You're going to run out of clean water and energy, and people will be willing to pay for unhealthy sugar water and energy-inefficient transaction networks with a perception of greater security.

That we need Martian scientist as an approach is, IMHO, necessary because of our learned biases; where we've inferred relations that have been reinforced which cloud our assessment of new and novel solutions.

> Such is the difficulty of causal analysis.

What a helpful discussion. Thanks for explaining all of this to me.

Now, I need to go write my own definitions for counterfactual and DGP and include graphical models in there somewhere.

zwaps · on June 15, 2019

A further hint, here is a great book about causal analysis from a ML/AI perspective

https://mitpress.mit.edu/books/elements-causal-inference

I feel like you will benefit from reading this!

It's free!

zwaps · on June 15, 2019

> In lieu of a causal model, when I ask an economist what they think is going to happen and they aren't aware of any historical data - there is no observational data collected following the given combination of variables we'd call an event or an intervention - is it causal inference that they're doing in their head? (With their NN)

It's up for debate if NN's represent what is going on in our heads. But let's for a moment assume it is so.

Then indeed, an economist leverages a big set of data and assumptions about causal connections to speculate how this intervention would change the DGP (the modules in the causal model) and therefore how the result would change.

An AI could potentially do the same (if that is really what we humans do), but so far, we certainly lack the ability to program such a general AI. The reason is, in part, because we have difficulty creating causal AI models even for specialized problems.
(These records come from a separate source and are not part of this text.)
Lemma lax_pullback_factor_unique {A B C P X : ob K} {f : hom A B} {g : hom C B}
  {p : hom P A} {q : hom P C} {lam : cell (f ⊚ p) (g ⊚ q)} (t t' : hom X P) :
  is_lax_pullback f g p q lam ->
  p ⊚ t = p ⊚ t' -> q ⊚ t = q ⊚ t' -> whiskr t lam ≈ whiskr t' lam -> t = t'.
Proof.
  intros HL Ep Eq Et.
  destruct (proj1 HL X (p ⊚ t') (q ⊚ t') (lax_whisk lam t')) as [t0 [_ Huniq]].
  transitivity t0; [symmetry|]; apply Huniq.
  - exists Ep, Eq. apply ceq_eq.
    eapply ceq_trans; [apply cast2_ceq|]. eapply ceq_trans; [apply lax_whisk_ceq|].
    eapply ceq_trans; [exact Et|]. apply ceq_sym, lax_whisk_ceq.
  - now exists eq_refl, eq_refl.
Qed.

(* By interchange, [whiskr (u ⊚ t)] fixes every 2-cell [a t => b t]. *)
Lemma whiskr_retraction_bijective {P L Z : ob K} (t : hom P L) (u : hom L P)
  (theta : cell (id1 P) (u ⊚ t)) (a b : hom L Z) :
  t ⊚ u = id1 L ->
  whiskl (a ⊚ t) theta ≈ id2 (a ⊚ t) -> whiskl (b ⊚ t) theta ≈ id2 (b ⊚ t) ->
  bijective_map (fun be : cell a b => whiskr t be).
Proof.
  intros tu Ha Hb.
  assert (Hut : forall (a' b' : hom L Z) (be : cell a' b'), whiskr u (whiskr t be) ≈ be).
  { intros a' b' be. eapply ceq_trans; [apply whiskr_comp1_ceq|].
    eapply ceq_trans; [apply whiskr_ceq; [exact tu|apply ceq_refl]|].
    apply whiskr_id1_ceq. }
  split.
  - intros be be' E. apply ceq_eq.
    eapply ceq_trans; [apply ceq_sym, Hut|]. rewrite E. apply Hut.
  - intros gam.
    assert (Ea : (a ⊚ t) ⊚ u = a) by now rewrite <- comp1_assoc, tu, comp1_idr.
    assert (Eb : (b ⊚ t) ⊚ u = b) by now rewrite <- comp1_assoc, tu, comp1_idr.
    exists (cast2 (@cell K L Z) Ea Eb (whiskr u gam)). apply ceq_eq.
    eapply ceq_trans; [apply whiskr_ceq; [reflexivity|apply cast2_ceq]|].
    eapply ceq_trans; [apply whiskr_comp1_ceq|].
    pose proof (interchange K P P Z _ _ (id1 P) (u ⊚ t) gam theta) as I.
    eapply ceq_trans; [apply ceq_sym, (vcomp_ceq_id2r _ _ Ha)|].
    rewrite I. eapply ceq_trans; [apply (vcomp_ceq_id2l _ _ Hb)|].
    apply whiskr_id1_ceq.
Qed.

End TwoCells.

Section CommaPasting.
Context {K : cat2} {A B M X L P L2 : ob K} {f : hom A B} {i : hom M B} {x : hom X M}.
Context {p : hom L A} {q : hom L M} {lam : cell (f ⊚ p) (i ⊚ q)}.
Context {r : hom P L} {s : hom P X} {mu : cell (q ⊚ r) (x ⊚ s)}.
Context {p2 : hom L2 A} {q2 : hom L2 X} {lam2 : cell (f ⊚ p2) ((i ⊚ x) ⊚ q2)}.
Hypothesis HL : is_lax_pullback f i p q lam.
Hypothesis Hmu : is_lax_pullback q x r s mu.
Hypothesis HL2 : is_lax_pullback f (i ⊚ x) p2 q2 lam2.

Section Comparison.
Variables (t : hom P L2) (u1 : hom L2 L) (u : hom L2 P).
Hypotheses (tp : p2 ⊚ t = p ⊚ r) (tq : q2 ⊚ t = s)
  (tlam : whiskr t lam2 ≈ pointwise_cell lam mu).
Hypotheses (u1p : p ⊚ u1 = p2) (u1q : q ⊚ u1 = x ⊚ q2) (u1lam : whiskr u1 lam ≈ lam2).
Hypotheses (ur : r ⊚ u = u1) (us : s ⊚ u = q2) (umu : whiskr u mu ≈ id2 (q ⊚ u1)).

Lemma comparison_retraction : t ⊚ u = id1 L2.
Proof.
  apply (lax_pullback_factor_unique _ _ HL2).
  - now rewrite comp1_assoc, tp, <- comp1_assoc, ur, u1p, comp1_idr.
  - now rewrite comp1_assoc, tq, us, comp1_idr.
  - eapply ceq_trans; [apply ceq_sym, whiskr_comp1_ceq|].
    eapply ceq_trans; [apply whiskr_ceq; [reflexivity|exact tlam]|].
    eapply ceq_trans; [apply whiskr_ceq; [reflexivity|apply pointwise_cell_ceq]|].
    rewrite whiskr_vcomp.
    eapply ceq_trans; [eapply vcomp_ceq_id2l|].
    { eapply ceq_trans; [apply whisk_lr_ceq|]. apply whiskl_ceq_id2, umu. }
    eapply ceq_trans; [apply whiskr_ceq; [reflexivity|apply whiskr_assoc_ceq]|].
    eapply ceq_trans; [apply whiskr_comp1_ceq|].
    eapply ceq_trans; [apply whiskr_ceq; [exact ur|apply ceq_refl]|].
    eapply ceq_trans; [exact u1lam|]. apply ceq_sym, whiskr_id1_ceq.
Qed.

Lemma comparison_cell_r :
  exists rho : cell r (u1 ⊚ t), whiskl p rho ≈ id2 (p ⊚ r) /\ whiskl q rho ≈ mu.
Proof.
  assert (E1 : p ⊚ r = p ⊚ (u1 ⊚ t)) by now rewrite comp1_assoc, u1p, tp.
  assert (E2 : x ⊚ s = q ⊚ (u1 ⊚ t))
    by now rewrite comp1_assoc, u1q, <- comp1_assoc, tq.
  set (b1 := cast2 (@cell K P A) eq_refl E1 (id2 (p ⊚ r))).
  set (b2 := cast2 (@cell K P M) eq_refl E2 mu).
  assert (cond : vcomp (whiskl i b2) (lax_whisk lam r)
                 = vcomp (lax_whisk lam (u1 ⊚ t)) (whiskl f b1)).
  { apply ceq_eq. apply ceq_trans with (pointwise_cell lam mu).
    - eapply ceq_trans; [|apply ceq_sym, pointwise_cell_ceq]. apply vcomp_ceq.
      + eapply ceq_trans; [apply lax_whisk_ceq|apply ceq_sym, whiskr_assoc_ceq].
      + apply whiskl_ceq; [reflexivity|apply cast2_ceq].
    - apply ceq_sym. eapply ceq_trans; [eapply vcomp_ceq_id2r|].
      { apply whiskl_ceq_id2, cast2_ceq. }
      eapply ceq_trans; [apply lax_whisk_ceq|].
      eapply ceq_trans; [apply ceq_sym, whiskr_comp1_ceq|].
      eapply ceq_trans; [apply whiskr_ceq; [reflexivity|exact u1lam]|]. exact tlam. }
  destruct (proj2 HL P r (u1 ⊚ t) b1 b2 cond) as [rho [[Hp Hq] _]].
  exists rho. rewrite Hp, Hq. split; apply cast2_ceq.
Qed.

Lemma comparison_unit :
  exists theta : cell (id1 P) (u ⊚ t),
    whiskl (p ⊚ r) theta ≈ id2 (p ⊚ r) /\ whiskl s theta ≈ id2 s.
Proof.
  destruct comparison_cell_r as [rho [Hp Hq]].
  assert (E1 : u1 ⊚ t = r ⊚ (u ⊚ t)) by now rewrite comp1_assoc, ur.
  assert (E2 : s ⊚ id1 P = s ⊚ (u ⊚ t)) by now rewrite comp1_assoc, us, tq, comp1_idr.
  set (b1 := cast2 (@cell K P L) (eq_sym (comp1_idr _ _ _ r)) E1 rho).
  set (b2 := cast2 (@cell K P X) eq_refl E2 (id2 (s ⊚ id1 P))).
  assert (cond : vcomp (whiskl x b2) (lax_whisk mu (id1 P))
                 = vcomp (lax_whisk mu (u ⊚ t)) (whiskl q b1)).
  { apply ceq_eq. apply ceq_trans with mu.
    - eapply ceq_trans; [eapply vcomp_ceq_id2l|].
      { apply whiskl_ceq_id2, cast2_ceq. }
      eapply ceq_trans; [apply lax_whisk_ceq|]. apply whiskr_id1_ceq.
    - apply ceq_sym. eapply ceq_trans; [eapply vcomp_ceq_id2l|].
      { eapply ceq_trans; [apply lax_whisk_ceq|].
        eapply ceq_trans; [apply ceq_sym, whiskr_comp1_ceq|].
        apply whiskr_ceq_id2, umu. }
      eapply ceq_trans; [apply whiskl_ceq; [reflexivity|apply cast2_ceq]|]. exact Hq. }
  destruct (proj2 Hmu P (id1 P) (u ⊚ t) b1 b2 cond) as [theta [[Hr Hs] _]].
  exists theta. split.
  - eapply ceq_trans; [apply whiskl_comp1_ceq|].
    eapply ceq_trans; [apply whiskl_ceq; [reflexivity|]|].
    { rewrite Hr. apply cast2_ceq. }
    exact Hp.
  - rewrite Hs. eapply ceq_trans; [apply cast2_ceq|]. apply id2_ceq, comp1_idr.
Qed.

End Comparison.

(* The comparison map [t : P -> L2] from the pasted comma square to the comma
   square of [f] and [i x] has a section [u] with a unit [1 => u t], so
   precomposition with [t] preserves the left extension property. *)
Lemma comma_pasting_left_extension :
  is_left_extension (f ⊚ p2) q2 (i ⊚ x) lam2 ->
  is_left_extension ((f ⊚ p) ⊚ r) s (i ⊚ x) (pointwise_cell lam mu).
Proof.
  intros Hext g.
  destruct (lax_pullback_factor HL2 (p ⊚ r) s (pointwise_cell lam mu)
              (eq_sym (comp1_assoc f p r)) eq_refl) as [t [tp [tq tlam]]].
  destruct (lax_pullback_factor HL p2 (x ⊚ q2) lam2
              eq_refl (eq_sym (comp1_assoc i x q2))) as [u1 [u1p [u1q u1lam]]].
  destruct (lax_pullback_factor Hmu u1 q2 (id2 (q ⊚ u1)) eq_refl u1q)
    as [u [ur [us umu]]].
  pose proof (comparison_retraction t u1 u tp tq tlam u1p u1lam ur us umu) as tu.
  destruct (comparison_unit t u1 u tp tq tlam u1p u1q u1lam ur us umu)
    as [theta [Hpr Hs]].
  assert (Htheta : forall (Z W : ob K) (a : hom L2 Z) (h : hom W Z) (w : hom P W),
             a ⊚ t = h ⊚ w -> whiskl w theta ≈ id2 w ->
             whiskl (a ⊚ t) theta ≈ id2 (a ⊚ t)).
  { intros Z W a h w E Hw.
    eapply ceq_trans; [apply whiskl_ceq; [exact E|apply ceq_refl]|].
    eapply ceq_trans; [apply whiskl_comp1_ceq|].
    eapply ceq_trans; [apply whiskl_ceq_id2, Hw|]. now apply id2_ceq. }
  assert (Hf : whiskl ((f ⊚ p2) ⊚ t) theta ≈ id2 ((f ⊚ p2) ⊚ t))
    by (apply (Htheta _ _ _ f (p ⊚ r)); [now rewrite <- comp1_assoc, tp | exact Hpr]).
  assert (Hg : whiskl ((g ⊚ q2) ⊚ t) theta ≈ id2 ((g ⊚ q2) ⊚ t))
    by (apply (Htheta _ _ _ g s); [now rewrite <- comp1_assoc, tq | exact Hs]).
  pose proof (bijective_map_comp _ _ (Hext g)
                (whiskr_retraction_bijective t u theta _ _ tu Hf Hg)) as H.
  eapply bijective_map_ceq_cod; [| | | exact H].
  - now rewrite <- comp1_assoc, tp, comp1_assoc.
  - now rewrite <- comp1_assoc, tq.
  - intros kappa. simpl. rewrite whiskr_vcomp. apply vcomp_ceq; [exact tlam|].
    eapply ceq_trans; [apply whiskr_comp1_ceq|]. apply whiskr_ceq; [exact tq|apply ceq_refl].
Qed.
In that sense, humans are much more sophisticated right now.

It is important to note that such a hypothetical AI would create a theory, based on all sorts of data, analogies, prior research and so forth, just like economists do.

It does not really matter if a scientist, or an AI, does the theorizing. The distinction is between causal and non-causal analysis.

The value of formal theory is to lay down assumptions and tautological statements that leave no doubt about what the theory is. If we see that the theory is wrong, because we disagree on the assumptions, this is actually very good and speaks for the theory. Lot's of social sciences is plagued by "general theories" that can never really shown to be false ex ante. And given that theories can never be empirically "proven", only validated in the statistical sense, this leads to a many parallel theories of doubtful value. Take a gander into sociology if you want to see this in action.

Secondly, and this is very important, is that we learn from models. This is not often recognized. What we learn from writing down models is how mechanics or modules interact. These interactions, highly logical, are USUALLY much less doubtful than the prior assumptions. For example, if price and revenues are equilibrium phenomena, we LEARN from the model that we CAN NOT estimate them with a standard regression model!

This is exactly what lead to causal analysis in this case, because earlier we would literally regress price on quantity or production on price etc. and be happy about it. But the results were often even in the entirely wrong direction!

Instead, looking at the theory, we understood the mechanical intricacies of the process we supposedly modeled, and saw that we estimated something completely different than what we interpreted. Causal analysis, among other things, tackles this issue by asking "what it is really that we estimate here?".